Произнеся эту фразу, Дмитрий Иванович поднялся, вышел из-за стола и, заложив руки за спину, остановился у окна, выходящего на площадь. Он смотрел на бронзового Дзержинского каким-то сложным, углубленным, обращенным внутрь взглядом, так что Слугареву вдруг почудилось, что на круглые плечи его начальника, облаченные, как всегда, в элегантный пиджак, давит какой-то мучительно неприятный груз. В ноябре Бойченкову исполнится пятьдесят, он был старше Слугарева тремя годами. Всегда подтянутый, чисто выбритый, с аккуратно причесанными, отливающими сизым блеском волосами, с открытым приветливым взглядом, он выглядел намного моложе своих лет. Однако сегодня Слугареву показалось, что за время его командировки на Кубу Дмитрий Иванович зримо постарел. На тонком бледнокожем лице появились мелкие морщины, светлые глаза потемнели, в них застыла непреодолимая озабоченность. Не поворачиваясь от окна, Бойченков продолжал самим же прерванную мысль:
- А среди тысяч эмигрировавших в Израиль сотни и многие сотни убежденных, ярых сионистов, ненавидящих нашу страну, наш советский общественный строй, да и народ, на который они всегда смотрели с презрительным высокомерием, как патриции на плебеев. Многие из них осели в странах НАТО и США, свили свои осиные гнезда в разных антисоветских изданиях, грязных волнах радиоголосов. - Он резко повернулся в сторону Слугарева и словно выстрелил сухие жесткие слова: - Позавчера к нам прибыл из Австрии твой старый знакомый Милош Савич.

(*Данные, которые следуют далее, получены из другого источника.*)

(* Let $\mathcal F=\{K_4,C_5,C_6,C_7,B_5\}$ and let $G$ be an $\mathcal F$-free graph. If $G$ contains one of the configurations (C1)–(C13) below, and $H$ is the subgraph of $G$ induced by the vertices of that configuration, then $H$ is $(\mathcal F,4)$-boundary-reducible in $G$ with reduced part $R=V(H)\setminus B$, where $B$ is the boundary specified for the configuration (empty if none is specified). (C1) a vertex of degree at most $2$. (C2) three $3$-vertices $u,v,w$ with $uv,vw\in E(G)$. (C3) a triangle all of whose vertices are $3$-vertices. (C4) a diamond $D=\mathrm{Dia}(4-3,4,5^+)$ together with a $3$-vertex $u\notin V(D)$ adjacent to the middle $4$-vertex of $D$; boundary: the side $5^+$-vertex of $D$. (C5) $\mathrm{Dia}(3-3,5^+,5^+)$; boundary: its two side vertices. (C6) $\mathrm{Dia}(3-5^+,3,5^+)$; boundary: its middle $5^+$-vertex and its side $5^+$-vertex. (C7) $\mathrm{Dia}(5-4,3,3)$. (C8) $D_1=\mathrm{Dia}(4-4,5,3)$ and $D_2=\mathrm{Dia}(5-3,4,4^+)$, where the side $5$-vertex of $D_1$ is the middle $5$-vertex of $D_2$; $D_2$ has side vertices $s$ (a $4$-vertex) and $v$ (a $4^+$-vertex); boundary: $v$. (C9) two diamonds $D_1,D_2$, each $\mathrm{Dia}(3-4,4,5^+)$, such that the middle $4$-vertex of $D_1$ is adjacent to the middle $4$-vertex of $D_2$; boundary: the side $5^+$-vertices of $D_1$ and $D_2$. (C10) $D_1=\mathrm{Dia}(4-3,5^+,5)$ with side vertices $p$ (a $5^+$-vertex) and $q$ (a $5$-vertex), and $D_2=\mathrm{Dia}(5-3,4,4^+)$ whose middle $5$-vertex is $q$, with side vertices a $4$-vertex and a $4^+$-vertex $v$; boundary: $p$ and $v$. (C11) $\mathrm{Dia}(4-4,3,4)$ together with a $3$-vertex outside it adjacent to one of its middle $4$-vertices. (C12) $D_1=\mathrm{Dia}(3-4,4,5^+)$ and $D_2=\mathrm{Dia}(4-4,4,3)$, where the middle $4$-vertex of $D_1$ is adjacent to a middle $4$-vertex of $D_2$; boundary: the side $5^+$-vertex of $D_1$. (C13) $D_1=\mathrm{Dia}(3-5,5,5)$ and $D_2,D_3$, each $\mathrm{Dia}(5-3,4,5^+)$, where the two side vertices of $D_1$ are the middle $5$-vertices of $D_2$ and of $D_3$, respectively; boundary: the side $5^+$-vertices of $D_2$ and $D_3$.
   Context: $B_5$ is the book on $5$ vertices: an edge $xy$ plus three further vertices each adjacent to exactly $x$ and $y$. $\mathcal F$-free graph: no subgraph isomorphic to a member of $\mathcal F$. All degrees are degrees in $G$; a $d$-vertex ($d^+$-vertex) is a vertex of degree exactly $d$ (at least $d$). A diamond is a subgraph isomorphic to $K_4$ minus an edge; its two vertices of degree $3$ in it are middle vertices, the other two are side vertices. $\mathrm{Dia}(a-b,c,d)$ denotes a diamond whose middle vertices have degrees $a,b$ and whose side vertices have degrees $c,d$; an entry $s^+$ means degree at least $s$. Vertices of distinct pieces of a configuration are distinct except where explicitly identified. For an induced subgraph $H$ of $G$ and $\emptyset\neq R\subseteq V(H)$, $\deg_R(v)$ is the degree of $v$ in $G[R]$. A set $I\subseteq V(H)$ is $\mathcal F$-free if adding to $H$ a new vertex adjacent exactly to $I$ creates no subgraph isomorphic to a member of $\mathcal F$. For $f:R\to\mathbb Z$, an $f$-assignment is a list assignment $L$ on $R$ with $|L(v)|\ge f(v)$; $f\downarrow v$ is $f$ changed to value $1$ at $v$; $1_I$ is the indicator of $I$. $H$ is $(\mathcal F,k)$-boundary-reducible in $G$ with reduced part $R$ if (FIX) for every $v\in R$, $H[R]$ is properly $L$-colorable for every $((k-\deg_G+\deg_R)\downarrow v)$-assignment $L$, and (FORB) for every $\mathcal F$-free $I\subseteq R$ with $|I|\le k-2$, $H[R]$ is properly $L$-colorable for every $(k-\deg_G+\deg_R-1_I)$-assignment $L$. *)

(* Finite simple graphs as symmetric irreflexive relations on a finType. *)
From mathcomp Require Import all_boot all_algebra.
Set Implicit Arguments. Unset Strict Implicit. Unset Printing Implicit Defensive.
Import GRing.Theory Num.Theory.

- Мариан Савинский? - Слугарев поднялся. Он уставился на Бойченкова изумленно-вопросительно. - Но ведь это персона нон грата, известный шпион?
- По крайней мере, известный лучше неизвестного. - Бойченков возвратился к длинному полированному столу, за которым он проводил совещания сотрудников, сел в кресло и продолжал: - Савич прибыл по приглашению, в порядке культурного обмена, мы не стали возражать, чтоб лишний раз не раздражать товарища Серого. И без того Мирон Андреевич считает, что мы своей излишней подозрительностью мешаем научным и культурным контактам с интеллигенцией Запада. Что ж, понаблюдаем за контактами Милоша Савича. - В последней фразе Бойченкова прозвучала едкая ирония. Слугарев понимал, какие контакты Савича имел в виду Дмитрий Иванович. Бойченков кивком головы предложил Ивану Николаевичу садиться и продолжал своим ровным, спокойным голосом, лишенным резких интонаций и эмоциональных оттенков: - Савич успел побывать в домах кинематографистов, ученых и литераторов. В Доме ученых он долго беседовал с профессором Пуховым Юлием Григорьевичем. Кстати, переводчицей у Савича Мария Валярчук - дочь известного нам профессора-химика, бывшего начальника Адама Куницкого.
- Вот как? - Слугарев удивленно вскинул брови, - Машенька Валярчук, племянница Юлия Григорьевича. Недавно окончила иняз. Любопытно… Весьма и весьма…
- Похоже, что именно этот ученый интересует Савича. Ты ведь с Пуховым, кажется, знаком? - Слугарев кивнул. Он знал Юлия Григорьевича как человека и как ученого. - Итак, кто такой Пухов?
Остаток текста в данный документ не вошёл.